Economics Perfect Competition Questions Medium
In perfect competition, barriers to entry refer to the obstacles or conditions that prevent new firms from entering the market and competing with existing firms. These barriers can significantly impact the level of competition within an industry and ultimately affect market outcomes.
One of the key characteristics of perfect competition is the absence of barriers to entry. In a perfectly competitive market, there are no restrictions or hindrances that prevent new firms from entering the market. This means that any firm can freely enter or exit the industry without facing any significant obstacles.
However, in reality, perfect competition is rarely observed due to the presence of various barriers to entry. These barriers can be classified into two main categories: structural barriers and strategic barriers.

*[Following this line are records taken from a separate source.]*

Lemma remove_edge_disconnects u v : e u v -> ~~ connect (remove_edge e u v) u v.
Proof.
move=> e_uv; apply/negP => /connectP [p r_p last_p].
case: (shortenP r_p) last_p => {r_p}p r_p uniq_p _ last_p.
case: p r_p uniq_p last_p => [|a [|b q]] /=.
- by move=> _ _ eq_vu; move: e_uv; rewrite eq_vu e_irr.
- by rewrite andbT /remove_edge => + _ eq_va; rewrite -eq_va !eqxx andbF.
move=> /and3P [r_ua r_ab r_q] uniq_p last_p; apply: e_acyclic.
exists u, [:: a, b & q]; split => //=; last by rewrite -last_p e_sym.
rewrite !(remove_edge_sub r_ua, remove_edge_sub r_ab) /=.
exact: sub_path (@remove_edge_sub T e u v) _ _ r_q.
Qed.

Definition avoiding y := [rel a b | [&& e a b, a != y & b != y]].

Lemma avoiding_sub_remove_edge x y a b : avoiding y a b -> remove_edge e x y a b.
Proof.
case/and3P=> e_ab a_y b_y; rewrite /remove_edge e_ab /=.
by rewrite (negbTE a_y) (negbTE b_y) !andbF.
Qed.

Lemma connect_avoiding_remove_edge x y a b :
  connect (avoiding y) a b -> connect (remove_edge e x y) a b.
Proof.
by apply: connect_sub => c d /(avoiding_sub_remove_edge x) /connect1.
Qed.

Lemma side_refl x y : x \in side e x y.
Proof. by rewrite inE connect0. Qed.

Lemma side_closed x y a b :
  a \in side e x y -> remove_edge e x y a b -> b \in side e x y.
Proof. by rewrite !inE => x_a r_ab; apply: connect_trans x_a (connect1 r_ab). Qed.

Lemma side_same x y u v :
  remove_edge e x y u v -> (u \in side e x y) = (v \in side e x y).
Proof.
move=> r_uv; apply/idP/idP => [u_in | v_in]; first exact: side_closed r_uv.
by apply: side_closed v_in _; rewrite remove_edge_sym.
Qed.

Lemma side_connect_avoiding y z w :
  e z y -> w \in side e z y -> connect (avoiding y) z w.
Proof.
move=> e_zy; rewrite inE.
have no_y c : connect (avoiding y) z c -> c != y.
  apply: contraTneq => ->; apply: contra (remove_edge_disconnects e_zy).
  exact: connect_avoiding_remove_edge.
apply: (connect_forward_ind (P := connect (avoiding y) z)) (connect0 _ _).
move=> a b z_a r_ab.
apply: (connect_trans z_a); apply: connect1.
rewrite /= (remove_edge_sub r_ab) no_y //=.
apply: contraNneq (remove_edge_disconnects e_zy) => eq_by; subst b.
exact: connect_trans (connect_avoiding_remove_edge z z_a) (connect1 r_ab).
Qed.

Lemma side_cover x y w : e x y -> (w \in side e x y) || (w \in side e y x).
Proof.
move=> e_xy; apply: (connect_forward_ind
  (P := fun w => (w \in side e x y) || (w \in side e y x))) (e_conn y w);
  last by rewrite side_refl orbT.
move=> a b /orP [] a_in e_ab.
  case r_ab: (remove_edge e x y a b); first by rewrite (side_closed a_in r_ab).
  move: r_ab; rewrite /remove_edge e_ab /= => /negbFE /orP [] /andP [_ /eqP->].
    by rewrite side_refl orbT.
  by rewrite side_refl.
case r_ab: (remove_edge e y x a b); first by rewrite (side_closed a_in r_ab) orbT.
move: r_ab; rewrite /remove_edge e_ab /= => /negbFE /orP [] /andP [_ /eqP->].
  by rewrite side_refl.
by rewrite side_refl orbT.
Qed.

Lemma side_disjoint x y w : e x y -> w \in side e x y -> w \notin side e y x.
Proof.
move=> e_xy; rewrite !inE => x_w; apply: contra (remove_edge_disconnects e_xy) => y_w.
apply: connect_trans x_w _; rewrite (sym_connect_sym (@remove_edge_sym x y)).
by rewrite (eq_connect (@remove_edgeC _ _ x y)).
Qed.

Lemma notin_side_nbr y z : e y z -> y \notin side e z y.
Proof. by move=> e_yz; rewrite inE; apply: remove_edge_disconnects; rewrite e_sym. Qed.

Lemma side_nbr_sub x y z : e y z -> z != x -> {subset side e z y <= side e y x}.
Proof.
move=> e_yz z_x w w_in; have e_zy : e z y by rewrite e_sym.
rewrite inE (eq_connect (@remove_edgeC _ _ y x)).
apply: connect_trans (connect1 _)
  (connect_avoiding_remove_edge x (side_connect_avoiding e_zy w_in)).
rewrite /remove_edge e_yz eqxx (negbTE z_x) orbF /=.
by apply: contra z_x => /andP [/eqP <- /eqP ->].
Qed.

Lemma side_nbr_inj y z1 z2 w : e y z1 -> e y z2 ->
  w \in side e z1 y -> w \in side e z2 y -> z1 = z2.
Proof.
move=> e_yz1 e_yz2 w_in1 w_in2; apply/eqP; apply: contraT => z12.
have e_z1y : e z1 y by rewrite e_sym.
have avoiding_sym : connect_sym (avoiding y).
  by apply: sym_connect_sym => a b; rewrite /= [e a b]e_sym [(a != y) && _]andbC.
have z1_z2 : connect (avoiding y) z1 z2.
  apply: connect_trans (side_connect_avoiding e_z1y w_in1) _.
  by rewrite avoiding_sym; apply: side_connect_avoiding w_in2; rewrite e_sym.
case/negP: (remove_edge_disconnects e_z1y).
apply: connect_trans (connect_avoiding_remove_edge z1 z1_z2) (connect1 _).
rewrite /remove_edge (e_sym z2) e_yz2 /= eqxx eq_sym (negbTE z12) /=.
by apply: contraT => /negPn /andP [/eqP eq_z2y _]; move: e_yz2; rewrite eq_z2y e_irr.
Qed.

Structural barriers are inherent to the industry and arise from factors such as economies of scale, capital requirements, and access to resources. Economies of scale occur when larger firms have a cost advantage over smaller firms, making it difficult for new entrants to compete on price. Capital requirements refer to the significant amount of financial resources needed to establish and operate a business in certain industries. Limited access to resources, such as raw materials or distribution channels, can also act as a barrier to entry.
Strategic barriers, on the other hand, are intentionally created by existing firms to deter new entrants. These barriers can include tactics such as predatory pricing, exclusive contracts, or extensive advertising and branding. Predatory pricing occurs when established firms temporarily lower their prices to drive new entrants out of the market. Exclusive contracts with suppliers or distributors can limit the access of new firms to crucial inputs or distribution channels. Extensive advertising and branding can create strong customer loyalty towards existing firms, making it difficult for new entrants to gain market share.
Overall, barriers to entry in perfect competition play a crucial role in shaping the level of competition within an industry. When barriers are low or non-existent, new firms can easily enter the market, increasing competition and potentially leading to lower prices and improved consumer welfare. However, when barriers are high, existing firms can enjoy market power and limit competition, potentially resulting in higher prices and reduced consumer choice.